[Start of section]

(* Every $\frac{\kappa+1}{\kappa}$-APLS for the maximum matching problem on graphs of odd-girth at least $2\kappa+1$ has proof size $\Omega(\log\kappa)$.
   Context: All graphs are finite, connected and undirected, $G=(V,E)$, $N(v)$ is the set of neighbors of $v$; each node distinguishes its incident edges by port numbers. An input assignment $\mathsf{I}:V\to\{0,1\}^*$ and an output assignment $\mathsf{O}:V\to\{0,1\}^*$ give each node a local input and a local output; an IO graph $\langle G,\mathsf I,\mathsf O\rangle$ is a configuration graph with $S(v)=\mathsf I(v)\cdot\mathsf O(v)$. Given a universe $\mathcal U$ of configuration graphs and disjoint families $\mathcal F_Y,\mathcal F_N\subseteq\mathcal U$, a gap proof labeling scheme (GPLS) consists of a prover which, given a configuration graph in $\mathcal F_Y$, assigns a label $L(v)\in\{0,1\}^*$ to every node, and a verifier which at each node $v$ receives only $\langle S(v),L(v),L^N(v)\rangle$, where $L^N(v)$ is the vector of labels of $v$'s neighbors (indexed by port), and outputs True or False; the verifier accepts if all nodes output True and rejects otherwise. The GPLS is correct if (i) for every configuration graph in $\mathcal F_Y$ the verifier accepts under the prover's labels, and (ii) for every configuration graph in $\mathcal F_N$ the verifier rejects under every label assignment. Its proof size is the maximum label length assigned by the prover over configuration graphs in $\mathcal F_Y$. For an optimization problem $\Psi=\langle\Pi,f\rangle$ ($\Pi$ a set of IO graphs = feasible solutions, $f$ integer objective, $OPT_\Psi(G,\mathsf I)$ the optimum over feasible $\mathsf O$) and $\alpha\ge1$, an $\alpha$-APLS is a GPLS over $\mathcal U=\{\langle G,\mathsf I,\mathsf O\rangle:\langle G,\mathsf I\rangle\text{ admits a feasible solution}\}$ with $\mathcal F_Y$ the IO graphs in $\Pi$ with $f=OPT_\Psi$, and $\mathcal F_N$ equal to $\mathcal U$ minus the IO graphs in $\Pi$ with $f\ge OPT_\Psi/\alpha$ (for a maximization problem). Restricting to a graph family means the universe contains only IO graphs whose underlying graph lies in the family. Maximum matching: the output encodes a set $M\subseteq E$ (each node knows which incident edge, if any, is in $M$); feasible iff $M$ is a matching; $f=|M|$ is maximized. The odd-girth of a graph is the length of its shortest odd cycle ($\infty$ if none). *)

From mathcomp Require Import all_boot.
Set Implicit Arguments. Unset Strict Implicit. Unset Printing Implicit Defensive.

(* A port-numbered graph on nodes 'I_n is given by adjacency lists:
   adj v is the list of neighbours of v, port p of v leads to
   nth v (adj v) p. *)
Definition adjrel (n : nat) (adj : 'I_n -> seq 'I_n) : rel 'I_n :=
  fun x y => y \in adj x.

Definition is_graph (n : nat) (adj : 'I_n -> seq 'I_n) : Prop :=
  [/\ 0 < n,
      forall v, uniq (adj v),
      forall v, v \notin adj v,
      forall u v, (v \in adj u) = (u \in adj v)
    & forall u v, connect (adjrel adj) u v].

(* odd-girth (length of a shortest odd cycle, infinity if none) >= g:
   every odd cycle (sequence of >= 3 distinct vertices, consecutive ones
   adjacent, last adjacent to first) has length >= g. *)
Definition odd_girth_ge (n : nat) (adj : 'I_n -> seq 'I_n) (g : nat) : Prop :=
  forall c : seq 'I_n, uniq c -> cycle (adjrel adj) c ->
    odd (size c) -> 3 <= size c -> g <= size c.

(* Output of a node: None (no incident matching edge) or Some p
   (the edge at port p is in M). *)
Definition output (n : nat) := 'I_n -> option nat.

Definition points (n : nat) (adj : 'I_n -> seq 'I_n) (O : output n)
    (u v : 'I_n) : bool :=
  if O u is Some p then (p < size (adj u)) && (nth u (adj u) p == v) else false.

(* The output encodes a set M of edges which is a matching (consistent
   encoding: each node names its unique M-edge, if any). *)
Definition feasible (n : nat) (adj : 'I_n -> seq 'I_n) (O : output n) : Prop :=
  (forall u p, O u = Some p -> p < size (adj u)) /\
  (forall u v, points adj O u v -> points adj O v u).

Definition msize (n : nat) (adj : 'I_n -> seq 'I_n) (O : output n) : nat :=
  #|[set e : 'I_n * 'I_n | (e.1 < e.2)%N && points adj O e.1 e.2]|.

Definition yes_inst (n : nat) (adj : 'I_n -> seq 'I_n) (O : output n) : Prop :=
  feasible adj O /\ forall O', feasible adj O' -> msize adj O' <= msize adj O.

(* complement of F_N : feasible with |M| >= OPT / alpha, alpha = (k+1)/k,
   i.e. (k+1) |M| >= k * OPT *)
Definition approx_ok (k : nat) (n : nat) (adj : 'I_n -> seq 'I_n) (O : output n)
  : Prop :=
  feasible adj O /\
  forall O', feasible adj O' -> k * msize adj O' <= k.+1 * msize adj O.

(* Verifier: sees S(v) = O(v), its own label, and the labels of its
   neighbours indexed by port. *)
Definition verifier := option nat -> seq bool -> seq (seq bool) -> bool.
(* Let $N$ be a finite nonempty set, $p\notin N$ and $N'=N\cup\{p\}$. Let $\mathscr{C}=\{S_1,\dots,S_k\}$ be a minimal balanced collection on $N$ with (unique) balancing weights $(\lambda_{S_i})_{i\in[k]}$, where $[k]=\{1,\dots,k\}$. Let $I\subseteq[k]$ satisfy $\lambda_I:=\sum_{i\in I}\lambda_{S_i}=1$. Then $$\mathscr{C}'=\{S_i\cup\{p\}\mid i\in I\}\cup\{S_i\mid i\in[k]\setminus I\}$$ is a minimal balanced collection on $N'$.
   Context: For $T\subseteq N$, $\mathbf{1}^T\in\mathbb{R}^N$ denotes the characteristic vector of $T$ ($\mathbf{1}^T_i=1$ if $i\in T$, $0$ otherwise). A collection $\mathscr{B}$ of nonempty subsets of a finite set $N$ is balanced if there exist positive weights $(\lambda_S)_{S\in\mathscr{B}}$ (balancing weights) with $\sum_{S\in\mathscr{B}}\lambda_S\mathbf{1}^S=\mathbf{1}^N$. A balanced collection is minimal if it contains no balanced proper subcollection; equivalently, its system of balancing weights is unique. *)

From HB Require Import structures.
From mathcomp Require Import all_boot all_order all_algebra.
From mathcomp Require Import reals.
Set Implicit Arguments. Unset Strict Implicit. Unset Printing Implicit Defensive.
Import Order.TTheory GRing.Theory Num.Theory.
Local Open Scope ring_scope.

Definition collection_on {T : finType} (N : {set T}) (B : {set {set T}}) : bool :=
  [forall S in B, (S != set0) && (S \subset N)].

Definition balancing_weights {R : realType} {T : finType} (N : {set T})
    (B : {set {set T}}) (lam : {set T} -> R) : Prop :=
  (forall S, S \in B -> 0 < lam S) /\
  (forall x : T, \sum_(S in B) lam S * (x \in S)%:R = (x \in N)%:R).

Definition balanced (R : realType) {T : finType} (N : {set T})
    (B : {set {set T}}) : Prop :=
  collection_on N B /\ exists lam : {set T} -> R, balancing_weights N B lam.

Definition minimal_balanced (R : realType) {T : finType} (N : {set T})
    (B : {set {set T}}) : Prop :=
  balanced R N B /\ forall B' : {set {set T}}, B' \proper B -> ~ balanced R N B'.

From HB Require Import structures.
From mathcomp Require Import all_boot all_order all_algebra.
From mathcomp Require Import reals.
Set Implicit Arguments. Unset Strict Implicit. Unset Printing Implicit Defensive.
Import Order.TTheory GRing.Theory Num.Theory.
Local Open Scope ring_scope.

(* Since p lies in no member of C, adding p to the members in D is an
   injective map extend on C which does not change membership of points
   x <> p.  Hence lam (S :\ p) balances the new collection: off p this is
   the balancing equation of C, and at p it is the hypothesis lam_D = 1.
   Conversely, balancing weights nu of a subcollection B' of the new
   collection give weights nu (extend S) on the preimage of B' in C, balanced
   on N because the equations for x <> p are unchanged; so minimality of C
   forces B' to be the whole new collection. *)

Lemma imset_preimset_sub (aT rT : finType) (f : aT -> rT)
    (A : {set aT}) (B : {set rT}) :
  B \subset f @: A -> f @: (A :&: f @^-1: B) = B.
Proof.
move=> sBfA; apply/setP => y; apply/imsetP/idP => [[x] | yB].
  by rewrite !inE => /andP[_ fxB] ->.
case/imsetP: (subsetP sBfA y yB) => x Ax yfx.
by exists x; rewrite // !inE Ax -yfx.
Qed.

Section ExtendCollection.

Variables (T : finType) (p : T) (D : {set {set T}}).

Definition extend (S : {set T}) : {set T} :=
  if S \in D then S :|: [set p] else S.

Lemma in_extend x (S : {set T}) : x != p -> (x \in extend S) = (x \in S).
Proof. by move=> xp; rewrite /extend; case: ifP; rewrite ?inE ?(negbTE xp) ?orbF. Qed.

Lemma subset_extend (S : {set T}) : S \subset extend S.
Proof. by rewrite /extend; case: ifP; rewrite ?subsetUl. Qed.

Lemma extend_pt (S : {set T}) : p \notin S -> (p \in extend S) = (S \in D).
Proof. by move=> pS; rewrite /extend; case: ifP; rewrite ?inE ?eqxx ?orbT ?(negbTE pS). Qed.

Lemma extendK (S : {set T}) : p \notin S -> extend S :\ p = S.
Proof.
by move=> pS; rewrite /extend; case: ifP => _; rewrite ?setDUl ?setDv ?setU0;
  apply/setDidPl; rewrite disjoint_sym disjoints1.
Qed.

Lemma extend_inj (C : {set {set T}}) :
  {in C, forall S : {set T}, p \notin S} -> {in C &, injective extend}.
Proof. by move=> pC S1 S2 /pC pS1 /pC pS2 eq12; rewrite -(extendK pS1) eq12 extendK. Qed.

Lemma imset_extend (C : {set {set T}}) :
  D \subset C -> [set S :|: [set p] | S in D] :|: (C :\: D) = extend @: C.
Proof.
move=> sDC; apply/setP => y; rewrite !inE; apply/idP/imsetP.
  case/orP => [/imsetP[S SD ->] | /andP[yD yC]].
    by exists S; rewrite ?(subsetP sDC) // /extend SD.
  by exists y; rewrite // /extend (negbTE yD).
case=> S SC ->; rewrite /extend; case: ifP => SD; last by rewrite SD SC orbT.
by rewrite (imset_f (fun S => S :|: [set p])).
Qed.

End ExtendCollection.

Lemma collection_onP {T : finType} {N : {set T}} {B : {set {set T}}} :
  reflect {in B, forall S : {set T}, S != set0 /\ S \subset N} (collection_on N B).
Proof. by apply: (iffP forall_inP) => colB S /colB => [/andP | [-> ->]]. Qed.

Section BalancedExtension.

Variables (R : realType) (T : finType) (N : {set T}) (p : T).
Variables (C D : {set {set T}}).
Hypotheses (colC : collection_on N C) (pN : p \notin N).

Lemma notin_collection_on (S : {set T}) : S \in C -> p \notin S.
Proof.
by move=> SC; have [_ sSN] := collection_onP colC S SC; apply: contra pN; apply: subsetP.
Qed.

Let extend_injC : {in C &, injective (extend p D)}.
Proof. exact/extend_inj/notin_collection_on. Qed.

Lemma collection_on_extend : collection_on (p |: N) (extend p D @: C).
Proof.
apply/collection_onP => _ /imsetP[S SC ->].
have [S0 sSN] := collection_onP colC S SC.
split.
  by apply: contraNneq S0 => eS0; rewrite -subset0 -eS0 subset_extend.
apply/subsetP => x; have [-> | xp] := eqVneq x p; first by rewrite setU11.
by rewrite in_extend // => /(subsetP sSN) xN; rewrite setU1r.
Qed.

Lemma balancing_weights_extend (lam : {set T} -> R) :
  D \subset C -> balancing_weights N C lam -> \sum_(S in D) lam S = 1 ->
  balancing_weights (p |: N) (extend p D @: C) (fun S => lam (S :\ p)).
Proof.
move=> sDC [lam_gt0 lam_bal] lamD; split.
  by move=> _ /imsetP[S SC ->]; rewrite extendK ?lam_gt0 ?notin_collection_on.
move=> x; rewrite big_imset //=.
under eq_bigr => S SC do rewrite extendK ?notin_collection_on //.
have [-> | xp] := eqVneq x p.
  rewrite setU11 -[RHS]/1 -[in RHS]lamD (big_setID D) (setIidPr sDC) /=.
  rewrite [X in _ + X]big1 ?addr0.
    apply: eq_bigr => S SD; have SC := subsetP sDC S SD.
    by rewrite extend_pt ?notin_collection_on // SD mulr1.
  by move=> S /setDP[SC SD]; rewrite extend_pt ?notin_collection_on // (negbTE SD) mulr0.
by rewrite in_setU1 (negbTE xp) /= -lam_bal; apply: eq_bigr => S _; rewrite in_extend.
Qed.

Lemma balanced_preimset_extend (B : {set {set T}}) :
  B \subset extend p D @: C -> balanced R (p |: N) B ->
  balanced R N (C :&: extend p D @^-1: B).
Proof.
move=> sBC [_ [nu [nu_gt0 nu_bal]]]; split.
  by apply/collection_onP => S /setIP[SC _]; apply: (collection_onP colC).
exists (fun S => nu (extend p D S)); split.
  by move=> S /setIP[_]; rewrite inE => /nu_gt0.
move=> x; have [-> | xp] := eqVneq x p.
  rewrite (negbTE pN) big1 // => S /setIP[SC _].
  by rewrite (negbTE (notin_collection_on SC)) mulr0.
have := nu_bal x; rewrite -[in X in X = _](imset_preimset_sub sBC) big_imset /=.
  by rewrite in_setU1 (negbTE xp) => <-; apply: eq_bigr => S _; rewrite in_extend.
by apply: sub_in2 extend_injC => S /setIP[].
Qed.

End BalancedExtension.

Theorem lemma4p1 (R : realType) (T : finType) (N : {set T}) (p : T)
    (C : {set {set T}}) (lam : {set T} -> R) (D : {set {set T}}) :
  N != set0 -> p \notin N ->
  minimal_balanced R N C ->
  balancing_weights N C lam ->
  D \subset C ->
  \sum_(S in D) lam S = 1 ->
  minimal_balanced R (p |: N)
    ([set S :|: [set p] | S in D] :|: (C :\: D)).
Proof.
move=> _ pN [[colC _] minC] lam_bal sDC lamD; rewrite imset_extend //; split.
  split; first exact: collection_on_extend.
  by exists (fun S => lam (S :\ p)); apply: balancing_weights_extend.
move=> B ltB balB; have sBC := proper_sub ltB.
apply: (minC (C :&: extend p D @^-1: B)); last exact: balanced_preimset_extend.
rewrite properEneq subsetIl andbT; apply: contraTneq ltB => eqC.
by rewrite -eqC (imset_preimset_sub sBC) properxx.
Qed.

[End of section]

Please give an exact copy of the entries above, from the line with "(forall u v, points" down to the line with "feasible adj O /\ forall", inclusive, and nothing else.

*WRITTEN ANSWER*.
  (forall u v, points adj O u v -> points adj O v u).

Definition msize (n : nat) (adj : 'I_n -> seq 'I_n) (O : output n) : nat :=
  #|[set e : 'I_n * 'I_n | (e.1 < e.2)%N && points adj O e.1 e.2]|.

Definition yes_inst (n : nat) (adj : 'I_n -> seq 'I_n) (O : output n) : Prop :=
  feasible adj O /\ forall O', feasible adj O' -> msize adj O' <= msize adj O.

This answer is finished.